Think of this as a mulled wine that never had grapes to begin with. Ripe bananas bring a thick, almost caramel sweetness that brown sugar deepens further, while cloves, ginger, and cinnamon push the whole thing toward something closer to a holiday drink than a fruit wine. Sherry yeast pulls it together with a nutty, round finish. The result is amber, aromatic, and surprisingly complex — the kind of wine that makes people ask what they’re actually drinking.
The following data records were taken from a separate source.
(* Let $0\le a\le b\le1$, and in $l_\infty^2$ let $H_1=\{(\xi_1,\xi_2):\xi_2\ge a\xi_1\}$ and $H_2=\{(\xi_1,\xi_2):\xi_2\le b\xi_1\}$ with the restricted metrics. Let $X$ be the gluing of $H_1$ and $H_2$ along $\mathbb{R}$ via the isometries $\xi\mapsto(\xi,a\xi)\in H_1$ and $\xi\mapsto(\xi,b\xi)\in H_2$ (i.e. identifying $(\xi,a\xi)$ with $(\xi,b\xi)$). Then $X$ is hyperconvex if and only if $a=b$.
   Context: $l_\infty^2$ is $\mathbb{R}^2$ with the metric $d((\xi_1,\xi_2),(\eta_1,\eta_2))=\max(|\xi_1-\eta_1|,|\xi_2-\eta_2|)$. A metric space is hyperconvex if every collection of closed balls $\{B(x_i,r_i)\}$ with $d(x_i,x_j)\le r_i+r_j$ has non-empty intersection. The gluing of $X_1,X_2$ along $A$ via isometric embeddings $\varphi_k\colon A\to X_k$ with closed images is $X_1\sqcup X_2/(\varphi_1(a)\sim\varphi_2(a))$ with metric $d_k$ on $X_k$ and $d(x,y)=\inf_{a\in A}\{d_1(x,\varphi_1(a))+d_2(\varphi_2(a),y)\}$ for $x\in X_1,y\in X_2$. *)

From Stdlib Require Import Reals Lra.
Open Scope R_scope.

Definition linf (p q : R * R) : R :=
  Rmax (Rabs (fst p - fst q)) (Rabs (snd p - snd q)).

Lemma linf_nonneg (p q : R * R) : 0 <= linf p q.
Proof. unfold linf. eapply Rle_trans; [apply Rabs_pos | apply Rmax_l]. Qed.

Definition hyperconvex {T : Type} (d : T -> T -> R) : Prop :=
  forall (I : Type) (x : I -> T) (r : I -> R),
    (forall i j, d (x i) (x j) <= r i + r j) ->
    exists z : T, forall i, d (x i) z <= r i.

Section Inf.
Variable f : R -> R.
Hypothesis f_nonneg : forall t, 0 <= f t.
Let E : R -> Prop := fun y => exists t, y = - f t.
Lemma infE_bound : bound E.
Proof. exists 0. intros y [t ->]. specialize (f_nonneg t). lra. Qed.
Lemma infE_ne : exists y, E y.
Proof. exists (- f 0). exists 0. reflexivity. Qed.
Definition inf_nonneg : R := - proj1_sig (completeness E infE_bound infE_ne).
End Inf.

Definition H1 (a : R) := { p : R * R | a * fst p <= snd p }.
Definition H2 (b : R) := { p : R * R | snd p <= b * fst p }.

(* Carrier of the gluing: the disjoint union H1 + H2 (equipped with the
   gluing pseudometric; the glued space X is its metric quotient). *)
Definition Glue (a b : R) : Type := (H1 a + H2 b)%type.

Definition cross (a b : R) (p q : R * R) : R :=
  inf_nonneg (fun t => linf p (t, a * t) + linf (t, b * t) q)
    (fun t => Rplus_le_le_0_compat _ _ (linf_nonneg _ _) (linf_nonneg _ _)).

Definition dGlue (a b : R) (x y : Glue a b) : R :=
  match x, y with
  | inl p, inl q => linf (proj1_sig p) (proj1_sig q)
  | inr p, inr q => linf (proj1_sig p) (proj1_sig q)
  | inl p, inr q => cross a b (proj1_sig p) (proj1_sig q)
  | inr p, inl q => cross a b (proj1_sig q) (proj1_sig p)
  end.

From Stdlib Require Import Reals.
From Stdlib Require Import Lra Psatz Classical.
Open Scope R_scope.

(* If a = b, the two half-planes cover the plane and meet along the common
   boundary line; every segment from H1 to H2 crosses that line, so the
   gluing metric is just the restriction of the l_infinity metric, which is
   hyperconvex coordinatewise (Helly on the line).
   If a < b, take s = 1/(1+b), d = (b-a)s and the balls
   B((0,1) in H1, 1), B((0,-1) in H2, 1-d), B((1,0) in H2, d).  Gluing at
   xi = -s and xi = s shows they meet pairwise, but a common point in H1 is
   at distance >= 1 from (0,-1), and a common point in H2 lies in the open
   fourth quadrant, where every path to (0,1) through the glued line is
   longer than 1. *)

Section InfNonneg.

Variable f : R -> R.
Hypothesis f_nonneg : forall t, 0 <= f t.

Lemma inf_nonneg_le t : inf_nonneg f f_nonneg <= f t.
Proof.
  unfold inf_nonneg. destruct (completeness _ _ _) as [m [Hub Hlub]]; simpl.
  assert (- f t <= m) by (apply Hub; exists t; reflexivity). lra.
Qed.

Lemma inf_nonneg_ge c : (forall t, c <= f t) -> c <= inf_nonneg f f_nonneg.
Proof.
  intros Hc. unfold inf_nonneg. destruct (completeness _ _ _) as [m [Hub Hlub]]; simpl.
  assert (m <= - c) by (apply Hlub; intros y [t ->]; specialize (Hc t); lra).
  lra.
Qed.

End InfNonneg.

Lemma cross_le a b p q t :
  cross a b p q <= linf p (t, a * t) + linf (t, b * t) q.
Proof. unfold cross. exact (inf_nonneg_le _ _ t). Qed.

Lemma cross_ge a b p q c :
  (forall t, c <= linf p (t, a * t) + linf (t, b * t) q) -> c <= cross a b p q.
Proof. unfold cross. exact (inf_nonneg_ge _ _ c). Qed.

Lemma linf_sym p q : linf p q = linf q p.
Proof. unfold linf. now rewrite (Rabs_minus_sym (fst p)), (Rabs_minus_sym (snd p)). Qed.

Lemma linf_ge_fst p q : Rabs (fst p - fst q) <= linf p q.
Proof. apply Rmax_l. Qed.

Lemma linf_ge_snd p q : Rabs (snd p - snd q) <= linf p q.
Proof. apply Rmax_r. Qed.

Lemma linf_le p q M :
  Rabs (fst p - fst q) <= M -> Rabs (snd p - snd q) <= M -> linf p q <= M.
Proof. apply Rmax_lub. Qed.

Lemma linf_triangle p q w : linf p w <= linf p q + linf q w.
Proof.
  apply linf_le.
  - replace (fst p - fst w) with ((fst p - fst q) + (fst q - fst w)) by ring.
    eapply Rle_trans; [apply Rabs_triang|].
    apply Rplus_le_compat; apply linf_ge_fst.
  - replace (snd p - snd w) with ((snd p - snd q) + (snd q - snd w)) by ring.
    eapply Rle_trans; [apply Rabs_triang|].
    apply Rplus_le_compat; apply linf_ge_snd.
Qed.

Lemma hyperconvex_Rdist : hyperconvex (fun x y : R => Rabs (x - y)).
Proof.
  intros I c r H.
  destruct (classic (inhabited I)) as [[i0]|Hempty].
  2: { exists 0; intros i; exfalso; exact (Hempty (inhabits i)). }
  set (E := fun y => exists i, y = c i - r i).
  assert (HE : bound E).
  { exists (c i0 + r i0); intros y [i ->].
    pose proof (Rle_abs (c i - c i0)); specialize (H i i0); lra. }
  destruct (completeness E HE (ex_intro _ _ (ex_intro _ i0 eq_refl)))
    as [m [Hub Hlub]].
  exists m; intros i. apply Rabs_le.
  assert (c i - r i <= m) by (apply Hub; exists i; reflexivity).
  assert (m <= c i + r i).
  { apply Hlub; intros y [j ->].
    pose proof (Rle_abs (c j - c i)); specialize (H j i); lra. }
  lra.
Qed.

Lemma hyperconvex_linf : hyperconvex linf.
Proof.
  intros I x r H.
  destruct (hyperconvex_Rdist I (fun i => fst (x i)) r) as [z1 Hz1].
  { intros i j; eapply Rle_trans; [apply linf_ge_fst | apply H]. }
  destruct (hyperconvex_Rdist I (fun i => snd (x i)) r) as [z2 Hz2].
  { intros i j; eapply Rle_trans; [apply linf_ge_snd | apply H]. }
  exists (z1, z2); intros i; apply linf_le; auto.
Qed.

Lemma hyperconvex_isometric_surj {T U : Type} (d : T -> T -> R) (e : U -> U -> R)
  (f : T -> U) :
  (forall x y, d x y = e (f x) (f y)) -> (forall u, exists x, f x = u) ->
  hyperconvex e -> hyperconvex d.
Proof.
  intros Hiso Hsurj He I x r H.
  destruct (He I (fun i => f (x i)) r) as [u Hu].
  { intros i j; rewrite <- Hiso; apply H. }
  destruct (Hsurj u) as [z <-].
  exists z; intros i; rewrite Hiso; apply Hu.
Qed.

Definition lerp (s : R) (p q : R * R) : R * R :=
  (fst p + s * (fst q - fst p), snd p + s * (snd q - snd p)).

Lemma linf_scale k p q :
  0 <= k -> Rmax (Rabs (k * (fst p - fst q))) (Rabs (k * (snd p - snd q))) = k * linf p q.
Proof.
  intros Hk. unfold linf. rewrite !Rabs_mult, (Rabs_pos_eq k) by exact Hk.
  now apply RmaxRmult.
Qed.

Lemma linf_lerp_l s p q : 0 <= s -> linf p (lerp s p q) = s * linf p q.
Proof.
  intros Hs. rewrite <- linf_scale by exact Hs. unfold linf, lerp; simpl.
  f_equal; f_equal; ring.
Qed.

Lemma linf_lerp_r s p q : s <= 1 -> linf (lerp s p q) q = (1 - s) * linf p q.
Proof.
  intros Hs. rewrite <- linf_scale by lra. unfold linf, lerp; simpl.
  f_equal; f_equal; ring.
Qed.

Lemma segment_meets_line a p q :
  a * fst p <= snd p -> snd q <= a * fst q ->
  exists s, 0 <= s <= 1 /\ snd (lerp s p q) = a * fst (lerp s p q).
Proof.
  intros Hp Hq. unfold lerp; simpl.
  set (h0 := snd p - a * fst p); set (h1 := snd q - a * fst q).
  destruct (Req_dec h0 h1) as [Heq|Hne].
  - exists 0; split; [lra|]. unfold h0, h1 in *; lra.
  - assert (Hgap : 0 < h0 - h1) by (unfold h0, h1 in *; lra).
    assert (Hh0 : 0 <= h0) by (unfold h0; lra).
    assert (Hh1 : h1 <= 0) by (unfold h1; lra).
    assert (Hk : h0 / (h0 - h1) * (h0 - h1) = h0) by (field; lra).
    exists (h0 / (h0 - h1)). split; [split|]; [nra | nra |].
    unfold h0, h1 in *; nra.
Qed.

Lemma cross_same_slope a p q :
  a * fst p <= snd p -> snd q <= a * fst q -> cross a a p q = linf p q.
Proof.
  intros Hp Hq. apply Rle_antisym.
  - destruct (segment_meets_line a p q Hp Hq) as [s [Hs Hline]].
    eapply Rle_trans; [apply (cross_le a a p q (fst (lerp s p q)))|].
    rewrite <- Hline, <- surjective_pairing, linf_lerp_l, linf_lerp_r by lra.
    lra.
  - apply cross_ge; intros t; apply linf_triangle.
Qed.

Definition plane_point {a b : R} (x : Glue a b) : R * R :=
  match x with inl p => proj1_sig p | inr q => proj1_sig q end.

Lemma dGlue_same_slope a (x y : Glue a a) :
  dGlue a a x y = linf (plane_point x) (plane_point y).
Proof.
  destruct x as [[p Hp]|[p Hp]], y as [[q Hq]|[q Hq]]; simpl; try reflexivity.
  - now apply cross_same_slope.
  - rewrite cross_same_slope by assumption. apply linf_sym.
Qed.

Lemma plane_point_surj a (w : R * R) : exists x : Glue a a, plane_point x = w.
Proof.
  destruct (Rle_dec (a * fst w) (snd w)) as [Hw|Hw].
  - now exists (inl (exist _ w Hw)).
  - assert (Hw' : snd w <= a * fst w) by lra.
    now exists (inr (exist _ w Hw')).
Qed.

Lemma hyperconvex_dGlue_same_slope a : hyperconvex (dGlue a a).
Proof.
  apply (hyperconvex_isometric_surj _ _ plane_point (dGlue_same_slope a)).
  - apply plane_point_surj.
  - apply hyperconvex_linf.
Qed.

Lemma cross_ge_dist_fst a b p q : Rabs (fst p - fst q) <= cross a b p q.
Proof.
  apply cross_ge; intros t.
  replace (fst p - fst q) with ((fst p - t) + (t - fst q)) by ring.
  eapply Rle_trans; [apply Rabs_triang|].
  apply Rplus_le_compat;
    [apply (linf_ge_fst p (t, a * t)) | apply (linf_ge_fst (t, b * t) q)].
Qed.

Lemma cross_to_0m1_ge_1 a b p :
  0 <= b <= 1 -> 0 <= fst p -> 1 <= cross a b p (0, -1).
Proof.
  intros Hb Hp. apply cross_ge; intros t.
  pose proof (linf_nonneg p (t, a * t)) as Hd.
  pose proof (linf_ge_fst p (t, a * t)) as Hx; simpl in Hx.
  pose proof (linf_ge_snd (t, b * t) (0, -1)) as Hy; simpl in Hy.
  pose proof (Rle_abs (fst p - t)). pose proof (Rle_abs (b * t - -1)).
  destruct (Rle_or_lt 0 t).
  - assert (0 <= b * t) by nra. lra.
  - assert (0 <= (1 - b) * - t) by nra. lra.
Qed.

Lemma cross_from_01_gt_1 a b q :
  0 <= a <= b -> 0 < fst q -> snd q < 0 -> 1 < cross a b (0, 1) q.
Proof.
  intros Hab Hu Hv.
  apply Rlt_le_trans with (1 + Rmin (fst q) (- snd q)).
  { apply Rmin_case; lra. }
  apply cross_ge; intros t.
  pose proof (linf_ge_snd (0, 1) (t, a * t)) as Hy; simpl in Hy.
  pose proof (linf_ge_fst (t, b * t) q) as Hx'; simpl in Hx'.
  pose proof (linf_ge_snd (t, b * t) q) as Hy'; simpl in Hy'.
  pose proof (Rle_abs (1 - a * t)).
  rewrite <- Rabs_Ropp in Hx'. pose proof (Rle_abs (- (t - fst q))).
  pose proof (Rle_abs (b * t - snd q)).
  pose proof (Rmin_l (fst q) (- snd q)). pose proof (Rmin_r (fst q) (- snd q)).
  destruct (Rle_or_lt 0 t).
  - assert (0 <= (b - a) * t) by nra. lra.
  - assert (0 <= (1 + a) * - t) by nra. lra.
Qed.

Inductive three := C | D | E.

Section DistinctSlopes.

Variables a b : R.
Hypothesis Ha : 0 <= a.
Hypothesis Hab : a < b.
Hypothesis Hb : b <= 1.

(* [s] solves [1 - b s = s], so both gluing detours below are tight. *)
Let s := / (1 + b).
Let gap := (b - a) * s.

Lemma s_spec : 0 < s /\ s * (1 + b) = 1.
Proof. split; [apply Rinv_0_lt_compat; lra | unfold s; field; lra]. Qed.

Lemma gap_bounds : 0 < gap <= 1 / 2.
Proof. destruct s_spec. unfold gap. split; nra. Qed.

Lemma C_in_H1 : a * fst (0, 1) <= snd (0, 1).
Proof. simpl; lra. Qed.

Lemma D_in_H2 : snd (0, -1) <= b * fst (0, -1).
Proof. simpl; lra. Qed.

Lemma E_in_H2 : snd (1, 0) <= b * fst (1, 0).
Proof. simpl; lra. Qed.

Definition center (i : three) : Glue a b :=
  match i with
  | C => inl (exist _ (0, 1) C_in_H1)
  | D => inr (exist _ (0, -1) D_in_H2)
  | E => inr (exist _ (1, 0) E_in_H2)
  end.

Definition radius (i : three) : R :=
  match i with C => 1 | D => 1 - gap | E => gap end.

Lemma cross_C_D : cross a b (0, 1) (0, -1) <= radius C + radius D.
Proof.
  destruct s_spec. eapply Rle_trans; [apply (cross_le a b _ _ (- s))|].
  assert (linf (0, 1) (- s, a * - s) <= 1 + a * s)
    by (apply linf_le; simpl; apply Rabs_le; nra).
  assert (linf (- s, b * - s) (0, -1) <= s)
    by (apply linf_le; simpl; apply Rabs_le; nra).
  simpl; unfold gap; nra.
Qed.

Lemma cross_C_E : cross a b (0, 1) (1, 0) <= radius C + radius E.
Proof.
  destruct s_spec. eapply Rle_trans; [apply (cross_le a b _ _ s)|].
  assert (linf (0, 1) (s, a * s) <= 1 - a * s)
    by (apply linf_le; simpl; apply Rabs_le; nra).
  assert (linf (s, b * s) (1, 0) <= b * s)
    by (apply linf_le; simpl; apply Rabs_le; nra).
  simpl; unfold gap; nra.
Qed.

Lemma balls_meet_pairwise i j :
  dGlue a b (center i) (center j) <= radius i + radius j.
Proof.
  pose proof gap_bounds. pose proof cross_C_D. pose proof cross_C_E.
  destruct i, j; simpl in *; try lra;
    apply linf_le; simpl; apply Rabs_le; lra.
Qed.

Lemma balls_no_common_point z : ~ (forall i, dGlue a b (center i) z <= radius i).
Proof.
  intros Hz. pose proof gap_bounds.
  pose proof (Hz C) as HC; pose proof (Hz D) as HD; pose proof (Hz E) as HE.
  destruct z as [[w Hw]|[w Hw]]; simpl in HC, HD, HE.
  - pose proof (cross_ge_dist_fst a b w (1, 0)); simpl in *.
    pose proof (Rle_abs (- (fst w - 1))); rewrite Rabs_Ropp in *.
    pose proof (cross_to_0m1_ge_1 a b w ltac:(lra) ltac:(lra)). lra.
  - pose proof (linf_ge_fst (1, 0) w); pose proof (linf_ge_snd (0, -1) w); simpl in *.
    pose proof (Rle_abs (1 - fst w)). pose proof (Rle_abs (- (-1 - snd w))).
    rewrite Rabs_Ropp in *.
    pose proof (cross_from_01_gt_1 a b w ltac:(lra) ltac:(lra) ltac:(lra)). lra.
Qed.

Lemma not_hyperconvex_dGlue : ~ hyperconvex (dGlue a b).
Proof.
  intros H. destruct (H three center radius balls_meet_pairwise) as [z Hz].
  exact (balls_no_common_point z Hz).
Qed.

End DistinctSlopes.

Theorem mainTheorem17 (a b : R) (Ha : 0 <= a) (Hab : a <= b) (Hb : b <= 1) :
  hyperconvex (dGlue a b) <-> a = b.
Proof.
  split.
  - intros H. destruct (Rle_lt_or_eq_dec a b Hab) as [Hlt|Heq]; [|exact Heq].
    exfalso. exact (not_hyperconvex_dGlue a b Ha Hlt Hb H).
  - intros <-. apply hyperconvex_dGlue_same_slope.
Qed.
The beginner trap: Skipping the full 24-hour rest before adding yeast means pectic enzyme hasn’t had time to break down the banana’s thick pulp, which leaves you with a permanently hazy wine that won’t clear no matter how long you wait.

Ingredients

  • 3 lb. ripe bananas (fresh or frozen, peels on)
  • ½ lb. golden raisins, chopped
  • 2½ lb. light brown sugar
  • 1 oz. whole cloves
  • 1 oz. fresh or jarred shredded ginger
  • 1 cinnamon stick (3-inch), broken in half
  • ½ oz. citric acid (find it in homebrew shops or online; lemon juice is a weak substitute and not recommended here)
  • 1 tsp. grape tannin (or the contents of 2 plain black tea bags, steeped and cooled)
  • ½ tsp. pectic enzyme
  • 3 qt. + 1 pint water (total)
  • 1 packet Sherry yeast plus yeast nutrient

Method

  1. Slice the bananas into thin rounds without removing the peels — the peel carries flavor and body.
  2. Place the banana slices, brown sugar, raisins, cloves, ginger, and cinnamon into your primary fermentation vessel.
  3. Pour 3 quarts of boiling water over everything and stir until the sugar fully dissolves.
  4. Let the must cool to 70°F, then stir in the citric acid, grape tannin, and pectic enzyme.
  5. Cover the vessel tightly and move it to a warm spot for 24 hours — this rest gives the pectic enzyme time to do its job.
  6. Add the yeast and nutrient, then stir the must twice a day for 10 days.
  7. Strain the liquid into a secondary fermentation vessel (a 1-gallon glass jug works well), add 1 pint of water, and fit an airlock.
  8. Move the vessel to a cooler spot — 60–65°F — and let it ferment undisturbed.
  9. Rack the wine into a clean vessel after 2 months, then rack again 2 months after that.
  10. Once the wine runs clear, rack one final time and bottle it. Wait at least 6 months before opening — a year is better.

Why this works

Bananas are loaded with pectin, the same stuff that makes jam gel. In wine, pectin creates a stubborn haze that won’t settle on its own. Pectic enzyme (pectinase) breaks those long pectin chains apart, allowing the particles to clump and fall to the bottom. The 24-hour head start before yeast is added matters because yeast activity — and the alcohol it produces — slows the enzyme down. Get the enzyme working first, then bring in the yeast. Brown sugar adds unrefined molasses notes that white sugar can’t touch, and Sherry yeast ferments at a slower, cooler pace that keeps those warm spice aromatics intact rather than boiling them off during a fast, hot ferment.

Notes

Frozen bananas work beautifully here — freezing and thawing breaks down cell walls and releases more juice and flavor than fresh bananas. If Sherry yeast is hard to find locally, Lalvin EC-1118 (Champagne yeast) is a widely available substitute, though it will produce a drier, less nutty result. If your wine is still hazy after the second racking, a dose of bentonite fining agent (available at any homebrew shop) will help it drop clear.